Os alertas inflacionários no Brasil estão ligados após a aceleração dos preços internacionais do petróleo em março. O último boletim Focus do Banco Central, que capta as projeções do mercado para diversas variáveis macroeconômicas, mostrou expectativas para o IPCA em alta por 3 semanas seguidas. A projeção para 2026 agora está em 4,31%, ante 4,17% na semana anterior e 3,91% há um mês.

O IPCA-15 de março, divulgado na semana passada, ficou em 0,44%, mas não pegou toda a piora de cenário do mês, que só deve ser espelhada no índice cheio, que será divulgado pelo IBGE no dia 10. Mas um alerta dentro do indicador prévio veio do óleo diesel, que mostrou teve variação positiva de 3,77% ante fevereiro. Acompanhamentos setoriais divulgados nesta semana captaram altas entre 13% e 14% no diesel durante o mês.

A segunda-feira, a FGV/Ibre informou que o Índice Geral de Preços – Mercado (IGP-M) voltou ao terreno positivo em março, registrando alta de 0,52% , após cair 0,73% em fevereiro. Dentro do indicador, o Índice de Preços ao Produtor Amplo saiu de uma queda de -1,18% para uma alta de 0,61%, enquanto o Índice de Preços ao Consumidor ficou nos mesmos 0,30%.

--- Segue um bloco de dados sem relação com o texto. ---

(* Let $H_1,H_2\in(0,1)$ and let $B^1_{H_1},B^2_{H_2}$ be independent fractional Brownian motions. The process $B^1_{H_1}(|B^2_{H_2}(t)|^{1/H_1})$, $t>0$, has density $$q(x,t)=\frac{1}{\pi t^{H_2}}K_0\!\left(\frac{|x|}{t^{H_2}}\right),\qquad x\neq0,$$ and $q$ satisfies $$\frac{\partial q}{\partial t}=-H_2\,t^{2H_2-1}\left(2\frac{\partial^2q}{\partial x^2}+x\frac{\partial^3 q}{\partial x^3}\right),\qquad x\neq0,\ t>0.$$
   Context: A fractional Brownian motion $B_H$ with Hurst index $H\in(0,1)$ is a centered Gaussian process with covariance $\frac12(|t|^{2H}+|s|^{2H}-|t-s|^{2H})$; in particular $B_H(t)\sim N(0,t^{2H})$. For independent processes $X$ and $Y\ge0$, $X(Y(t))$ has density $\int_0^\infty f_X(x,s)f_Y(s,t)ds$. $K_0$ is the modified Bessel function of the second kind of order 0. *)

From Stdlib Require Import Reals Lra ClassicalEpsilon.
Open Scope R_scope.

Definition gauss (v x : R) : R := / sqrt (2 * PI * v) * exp (- (x * x) / (2 * v)).

Lemma gauss_cont (v : R) : continuity (gauss v).
Proof.
  intro x; unfold gauss.
  apply continuity_pt_mult; [apply continuity_pt_const; intros ? ?; reflexivity|].
  apply (continuity_pt_comp (fun y => - (y * y) / (2 * v)) exp).
  - unfold Rdiv. apply continuity_pt_mult.
    + apply continuity_pt_opp, continuity_pt_mult; apply derivable_continuous_pt, derivable_pt_id.
    + apply continuity_pt_const; intros ? ?; reflexivity.
  - apply derivable_continuous_pt, derivable_pt_exp.
Qed.

Definition gauss_RI (v a b : R) (h : a <= b) : Riemann_integrable (gauss v) a b :=
  @continuity_implies_RiemannInt (gauss v) a b h (fun x _ => gauss_cont v x).

Definition gauss_int (v a b : R) : R :=
  match Rle_dec a b with
  | left h => RiemannInt (gauss_RI v a b h)
  | right h => - RiemannInt (gauss_RI v b a (Rlt_le b a (Rnot_le_lt a b h)))
  end.

(* density of B_H(s) ~ N(0, s^{2H}) at x, for s > 0 *)
Definition fbm_density (H s x : R) : R := gauss (Rpower s (2 * H)) x.

(* CDF of Y(t) = |B^2_{H2}(t)|^{1/H1} at s > 0:
   P(|B^2(t)| <= s^{H1}) = int_{-s^{H1}}^{s^{H1}} density of N(0,t^{2 H2}) *)
Definition cdf_Y (H1 H2 t s : R) : R :=
  gauss_int (Rpower t (2 * H2)) (- Rpower s H1) (Rpower s H1).

Definition int_0_inf (f : R -> R) (l : R) : Prop :=
  (forall a b, 0 < a -> a <= b -> inhabited (Riemann_integrable f a b)) /\
  (forall eps, 0 < eps -> exists d, 0 < d /\ exists M, 0 < M /\
     forall a b (pr : Riemann_integrable f a b),
       0 < a -> a < d -> M < b -> Rabs (RiemannInt pr - l) < eps).

Definition K0 (z : R) : R :=
  epsilon (inhabits 0) (fun l => int_0_inf (fun u => exp (- z * cosh u)) l).

Definition q (H2 x t : R) : R :=
  / (PI * Rpower t H2) * K0 (Rabs x / Rpower t H2).

(* Write r = s^H1 and sigma = t^H2. The integrand of the subordination formula is
   (2 H1 / s) / (2 PI sigma) * exp (- x^2 / (2 r^2) - r^2 / (2 sigma^2)), and this exponent is
   - (|x| / sigma) cosh u for u = ln (r^2 / (|x| sigma)). Changing variables to u turns the
   integral over s > 0 into 1 / (2 PI sigma) times the integral of exp (- (|x| / sigma) cosh u)
   over the whole line, i.e. q = K0 (|x| / sigma) / (PI sigma).
   For the PDE, K0 is differentiated under the integral sign:
   K0^(k) z = int_0^oo (- cosh u)^k exp (- z cosh u) du, all integrands being dominated by
   C exp (- z u / 2). Integrating the exact derivative of - sinh u cosh u exp (- z cosh u) gives
   K0 + z K0' - 2 K0'' - z K0''' = 0, which is the PDE after the scaling z = |x| / t^H2. *)

From Stdlib Require Import Reals Lra Psatz ClassicalEpsilon FunctionalExtensionality.
From Coquelicot Require Import Coquelicot.
Open Scope R_scope.

Lemma ex_RInt_of_continuous (g : R -> R) a b : (forall u, continuous g u) -> ex_RInt g a b.
Proof. intros Hg; apply (@ex_RInt_continuous R_CompleteNormedModule); intros; apply Hg. Qed.

Lemma is_lim_exp_decay (c d : R) : 0 < d -> is_lim (fun W => c * exp (- d * W)) p_infty 0.
Proof.
  intros Hd.
  replace (Finite 0) with (Rbar_mult c 0) by (simpl; f_equal; ring).
  apply is_lim_scal_l, (is_lim_comp exp (fun W => - d * W) p_infty 0 m_infty).
  - apply is_lim_exp_m.
  - apply is_lim_spec; intros M; exists (- M / d); intros W HW.
    apply (Rmult_lt_compat_l d) in HW; [|lra].
    replace (d * (- M / d)) with (- M) in HW by (field; lra); lra.
  - exists 0; intros; discriminate.
Qed.

Lemma is_lim_abs_le (F : R -> R) (l B : R) :
  is_lim F p_infty l -> (forall W, 0 <= W -> Rabs (F W) <= B) -> Rabs l <= B.
Proof.
  intros HF HB.
  apply (is_lim_le_loc (fun W => Rabs (F W)) (fun _ => B) p_infty (Rabs l) B).
  - exists 0; intros W HW; apply HB; lra.
  - apply (is_lim_Rabs F p_infty l HF).
  - apply is_lim_const.
Qed.

Lemma ball_R_Rabs (x e y : R) : ball x e y <-> Rabs (y - x) < e.
Proof. reflexivity. Qed.

Lemma continuous_of_ex_derive (f : R -> R) (x : R) : ex_derive f x -> continuous f x.
Proof. apply (@ex_derive_continuous R_AbsRing R_NormedModule). Qed.

Lemma RInt_correct_of_continuous (g : R -> R) a b :
  (forall u, continuous g u) -> is_RInt g a b (RInt g a b).
Proof. intros Hg. apply (@RInt_correct R_CompleteNormedModule), ex_RInt_of_continuous, Hg. Qed.

Lemma exp_le (x y : R) : x <= y -> exp x <= exp y.
Proof. intros [Hlt | ->]; [apply Rlt_le, exp_increasing, Hlt | apply Rle_refl]. Qed.

Lemma Rabs_exp_sub_1_sub_le (y : R) : Rabs (exp y - 1 - y) <= y * y * exp (Rabs y).
Proof.
  pose proof (exp_ineq1_le y). pose proof (exp_ineq1_le (- y)).
  assert (Hprod : exp y * exp (- y) = 1) by (rewrite <- exp_plus, Rplus_opp_r; apply exp_0).
  assert (Hy1 : exp y * (1 - y) <= 1)
    by (rewrite <- Hprod; apply Rmult_le_compat_l; [apply Rlt_le, exp_pos | lra]).
  rewrite Rabs_pos_eq by lra.
  destruct (Rle_dec 0 y) as [Hy | Hy].
  - rewrite Rabs_pos_eq by lra. nra.
  - rewrite Rabs_left by lra.
    assert (exp y - 1 - y <= - y * (1 - exp y)) by nra.
    assert (- y * (1 - exp y) <= y * y) by nra.
    assert (0 <= y * y) by nra.
    assert (y * y <= y * y * exp (- y)) by nra.
    lra.
Qed.

Lemma cosh_pos (u : R) : 0 < cosh u.
Proof. unfold cosh. pose proof (exp_pos u); pose proof (exp_pos (- u)); lra. Qed.

Lemma le_cosh (u : R) : 0 <= u -> u <= cosh u.
Proof.
  intros Hu. unfold cosh.
  assert (Hsq : exp u = exp (u / 2) * exp (u / 2)) by (rewrite <- exp_plus; f_equal; lra).
  pose proof (exp_ineq1_le (u / 2)). pose proof (exp_pos (- u)).
  assert (exp (u / 2) * exp (u / 2) >= (1 + u / 2) * (1 + u / 2))
    by (apply Rle_ge, Rmult_le_compat; lra).
  assert ((1 + u / 2) * (1 + u / 2) >= 2 * u)
    by (pose proof (Rle_0_sqr (1 - u / 2)); unfold Rsqr in *; lra).
  rewrite Hsq. lra.
Qed.

Lemma pow_le_exp (m : nat) (e : R) : 0 < e ->
  exists C, forall c, 0 <= c -> c ^ m <= C * exp (e * c).
Proof.
  intros He. pose proof (pos_INR m) as Hm.
  set (A := (INR m + 1) / e). assert (HA : 0 < A) by (apply Rdiv_lt_0_compat; lra).
  exists (A ^ m). intros c Hc.
  set (v := c / A). assert (Hv : 0 <= v) by (apply Rdiv_le_0_compat; lra).
  replace c with (A * v) at 1 by (unfold v; field; lra).
  apply (Rle_trans _ ((A * exp v) ^ m)).
  - apply pow_incr; split; [nra |]. pose proof (exp_ineq1_le v). nra.
  - rewrite Rpow_mult_distr. apply Rmult_le_compat_l; [apply pow_le; lra |].
    rewrite <- (Rpower_pow m (exp v) (exp_pos v)). unfold Rpower. rewrite ln_exp.
    apply exp_le. unfold v, A.
    replace (INR m * (c / ((INR m + 1) / e))) with (e * c * (INR m / (INR m + 1))) by (field; lra).
    assert (INR m / (INR m + 1) <= 1)
      by (apply (Rmult_le_reg_r (INR m + 1)); [lra | field_simplify; lra]).
    assert (0 <= e * c) by nra. nra.
Qed.

Lemma cosh_sq_sub_sinh_sq (u : R) : cosh u * cosh u - sinh u * sinh u = 1.
Proof.
  unfold cosh, sinh.
  assert (exp u * exp (- u) = 1) by (rewrite <- exp_plus, Rplus_opp_r; apply exp_0).
  nra.
Qed.

Lemma Rabs_sinh_le_cosh (u : R) : Rabs (sinh u) <= cosh u.
Proof.
  unfold sinh, cosh. pose proof (exp_pos u); pose proof (exp_pos (- u)).
  apply Rabs_le; lra.
Qed.

Lemma is_derive_of_quadratic_remainder (f : R -> R) (x l delta B : R) : 0 < delta ->
  (forall h, Rabs h <= delta -> Rabs (f (x + h) - f x - h * l) <= B * (h * h)) ->
  is_derive f x l.
Proof.
  intros Hdelta Hrem. apply is_derive_Reals. intros eps Heps.
  assert (Hpos : 0 < Rmin delta (eps / (Rabs B + 1))).
  { apply Rmin_pos; [lra | apply Rdiv_lt_0_compat; [lra | pose proof (Rabs_pos B); lra]]. }
  exists (mkposreal _ Hpos). intros h Hh0 Hh; simpl in Hh.
  pose proof (Rabs_pos B) as HB.
  assert (Hh_delta : Rabs h <= delta) by (pose proof (Rmin_l delta (eps / (Rabs B + 1))); lra).
  assert (Hh_eps : Rabs h < eps / (Rabs B + 1))
    by (pose proof (Rmin_r delta (eps / (Rabs B + 1))); lra).
  assert (Habs : 0 < Rabs h) by (apply Rabs_pos_lt, Hh0).
  assert (HBh : (Rabs B + 1) * Rabs h < eps).
  { apply (Rmult_lt_compat_l (Rabs B + 1)) in Hh_eps; [| lra].
    replace ((Rabs B + 1) * (eps / (Rabs B + 1))) with eps in Hh_eps by (field; lra).
    exact Hh_eps. }
  specialize (Hrem h Hh_delta).
  replace ((f (x + h) - f x) / h - l) with ((f (x + h) - f x - h * l) / h) by (field; exact Hh0).
  unfold Rdiv; rewrite Rabs_mult, Rabs_inv.
  apply (Rmult_lt_reg_r (Rabs h)); [exact Habs |].
  rewrite Rmult_assoc, Rinv_l, Rmult_1_r by lra.
  replace (h * h) with (Rabs h * Rabs h) in Hrem
    by (rewrite <- Rabs_mult; apply Rabs_pos_eq, Rle_0_sqr).
  pose proof (Rle_abs B). nra.
Qed.

(** * Exponentially dominated improper integrals *)

Lemma RInt_exp_decay (C d a b : R) : 0 < d ->
  RInt (fun u => C * exp (- d * u)) a b = C / d * (exp (- d * a) - exp (- d * b)).
Proof.
  intros Hd. apply is_RInt_unique.
  replace (C / d * (exp (- d * a) - exp (- d * b)))
    with (minus (- C / d * exp (- d * b)) (- C / d * exp (- d * a)))
    by (unfold minus, plus, opp; simpl; field; lra).
  apply (is_RInt_derive (fun u => - C / d * exp (- d * u))).
  - intros u _; auto_derive; [easy | field; lra].
  - intros u _; apply continuous_of_ex_derive; auto_derive; easy.
Qed.

Section ExpDominated.
Variables (g : R -> R) (C d : R).
Hypotheses (g_cont : forall u, continuous g u) (d_pos : 0 < d)
  (g_dom : forall u, 0 <= u -> Rabs (g u) <= C * exp (- d * u)).

Lemma exp_dominated_const_nonneg : 0 <= C / d.
Proof.
  apply Rdiv_le_0_compat; [| exact d_pos].
  pose proof (g_dom 0 (Rle_refl 0)) as H0. rewrite Rmult_0_r, exp_0 in H0.
  pose proof (Rabs_pos (g 0)); lra.
Qed.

O risco inflacionário ainda não foi suficiente para as casas de investimentos mudarem suas projeções de que o Banco Central continuará a reduzir juros na próxima reunião do Copom, no final de abril. Mas já há uma tendência de revisões sobre o tamanho dos cortes até o final do ano, que podem ficar abaixo dos 300 pontos-base calculados antes da guerra.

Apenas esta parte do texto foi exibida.